On September 15, 2025, the Department of Chinese Language and Literature, Faculty of Arts and Humanities, University of Macau, hosted an academic lecture entitled “The Political Background to the Debates on Salt and Iron and its Later Reconstruction as a Literary Work.” The guest speaker was Professor Anthony Barbieri from the University of California at Santa Barbara. The lecture was chaired by Professor Yue Zhang of the Department of Chinese Language and Literature, and attended by numerous faculty members and students, including Professor Xiaorong Li from the University of California at Santa Barbara, Professor Minhui Xu from the Department of English at University of Macau, and Professor Sihao Wang from the Department of Chinese Language and Literature.

Prof. Anthony Barbieri was trained at Harvard (M.A., 1997) in East Asian Studies and Princeton (Ph.D. 2001) in Chinese Art and Archaeology. He has wide-ranging interests in many aspects of Early China, including technology, organization of production, labor history, gender and social relations, legal process, visual and material culture, and state formation. He also conducts research in Egyptology as a comparative field with early China. Among his many outstanding publications, here are some selected ones: The Many Lives of the First Emperor of China (University of Washington Press, 2022), Ancient Egypt and Early China: State, Society, and Culture ( University of Washington Press, 2021), Law, State, and Society in Early Imperial China (Leiden: Brill, 2015), Artisans in Early Imperial China (Seattle: University of Washington Press, 2007), and Recarving China’s Past: Art, Architecture, and Archaeology of the “Wu Family Shrines” (New Haven: Yale University Press, 2005).
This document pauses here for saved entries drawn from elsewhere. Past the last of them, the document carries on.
(* In the setting below, let $\overline S_i=S_a\times\{b\}$ and $\overline S_j=S_b\times\{c\}$ for some $1\le i,j\le\overline M$, $1\le a,b,c\le M$. Then for every bounded continuous $f:[0,\infty)\to\mathbb R$, $$\lim_{\varepsilon\downarrow0}\Big(\mathbb E f\Big(\frac{\overline T^\varepsilon(\bar x,\overline S_j)}{\overline\tau^\varepsilon_i}\Big)-\mathbb E f\Big(\frac{T^\varepsilon(y,S_b)}{\tau^\varepsilon_{ab}}\Big)\Big)=0$$ uniformly in $\bar x\in\overline S_i$, $y\in S_a$, where $\overline\tau^\varepsilon_i:=\tau^\varepsilon_{ab}$.
   Context: $S$ is a metric space partitioned into disjoint Borel sets $S_1,\dots,S_M$; for $\varepsilon>0$, $Q^\varepsilon$ is a Markov kernel from $S$ to $S\times[0,\infty)$, $P^\varepsilon(x,B)=Q^\varepsilon(x,B\times[0,\infty))$, and for $P^\varepsilon(x,B)>0$, $T^\varepsilon(x,B)$ has law $\mathbb P(T^\varepsilon(x,B)\le t)=Q^\varepsilon(x,B\times[0,t])/P^\varepsilon(x,B)$. Assumptions: $P^\varepsilon(x,S_i)=0$ for $x\in S_i$; for $i\ne j$, either $P^\varepsilon(x,S_j)=0$ for all $x\in S_i,\varepsilon$ (set $P^\varepsilon_{ij}\equiv0$) or it is positive for all $x\in S_i,\varepsilon$ and there are positive $P^\varepsilon_{ij}$ with $P^\varepsilon(x,S_j)/P^\varepsilon_{ij}\to1$ uniformly in $x\in S_i$; for $P^\varepsilon_{ij}\not\equiv0$ there are positive $\tau^\varepsilon_{ij}$ with $\mathbb ET^\varepsilon(x,S_j)/\tau^\varepsilon_{ij}\to1$ uniformly in $x\in S_i$; and for every bounded continuous $f$ and $P^\varepsilon_{ij}\not\equiv0$, $\mathbb E f(T^\varepsilon(x_1,S_j)/\tau^\varepsilon_{ij})-\mathbb E f(T^\varepsilon(x_2,S_j)/\tau^\varepsilon_{ij})\to0$ uniformly in $x_1,x_2\in S_i$. Extended process: $\overline S=\{(x,j):x\in S_i,\ P^\varepsilon_{ij}\not\equiv0\}$ with kernel $\overline Q^\varepsilon((x,j),(A\times\{k\})\times I)=\frac{1}{P^\varepsilon(x,S_j)}\int_{A\cap S_j}P^\varepsilon(y,S_k)Q^\varepsilon(x,dy\times I)$; $\overline S$ is partitioned into the sets $S_a\times\{b\}$ with $P^\varepsilon_{ab}\not\equiv0$, re-indexed $\overline S_1,\dots,\overline S_{\overline M}$; $\overline P^\varepsilon(\bar x,B)=\overline Q^\varepsilon(\bar x,B\times[0,\infty))$, and $\overline T^\varepsilon(\bar x,B)$ has law $\overline Q^\varepsilon(\bar x,B\times\cdot)/\overline P^\varepsilon(\bar x,B)$. *)

From HB Require Import structures.
From mathcomp Require Import all_boot all_order all_algebra.
From mathcomp Require Import all_classical all_reals all_analysis.
From mathcomp Require Import measurable_realfun.
Set Implicit Arguments. Unset Strict Implicit. Unset Printing Implicit Defensive.
Import Order.TTheory GRing.Theory Num.Theory.
Import numFieldNormedType.Exports.
Local Open Scope classical_set_scope.
Local Open Scope ring_scope.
The Debates on Salt and Iron (鹽鐵論) presents itself as a faithful account of an imperial court conference held in 81 BCE, centered on the question of abolishing the state monopolies on salt and iron. However, this sixty-chapter work, attributed to Huan Kuan 桓寬, is primarily a literary reconstruction, not a verbatim transcript. Huan compiled it from official memorials, examination responses, cross-examination transcripts, along with his own literary embellishments, including whole added compositions. Huan also streamlined the original sixty participants into composite literary characters, which he called the “Literary Scholars” and the “Worthies.” The text thus provides a highly curated discussion of Han political economy.

An examination of the political background to these events reveals these debates to be a calculated “political assassination” initiated by the regent leader of the Inner Court, Huo Guang 霍光, against his elder rival, Sang Hongyang 桑弘羊, the leader of the Outer Court and the man most closely associated with Emperor Wu’s activist fiscal policies, including the monopolies. Though framed as a sincere discussion of economic and social issues like poverty and imperial expansion, the debate was just an opportunity to defame Sang Hongyang and drive him to revolt, which he did the following year.

The event was conducted in a lively atmosphere and stimulated active discussion. Professor Barbieri responded to the audience’s questions with patience and rigor. At the conclusion of the lecture, Professor Yue Zhang presented Professor Barbieri with a certificate recognizing him as a “Distinguished Visiting Scholar of the University of Macau.” The lecture was met with enthusiastic reception and concluded in a cordial spirit of academic exchange.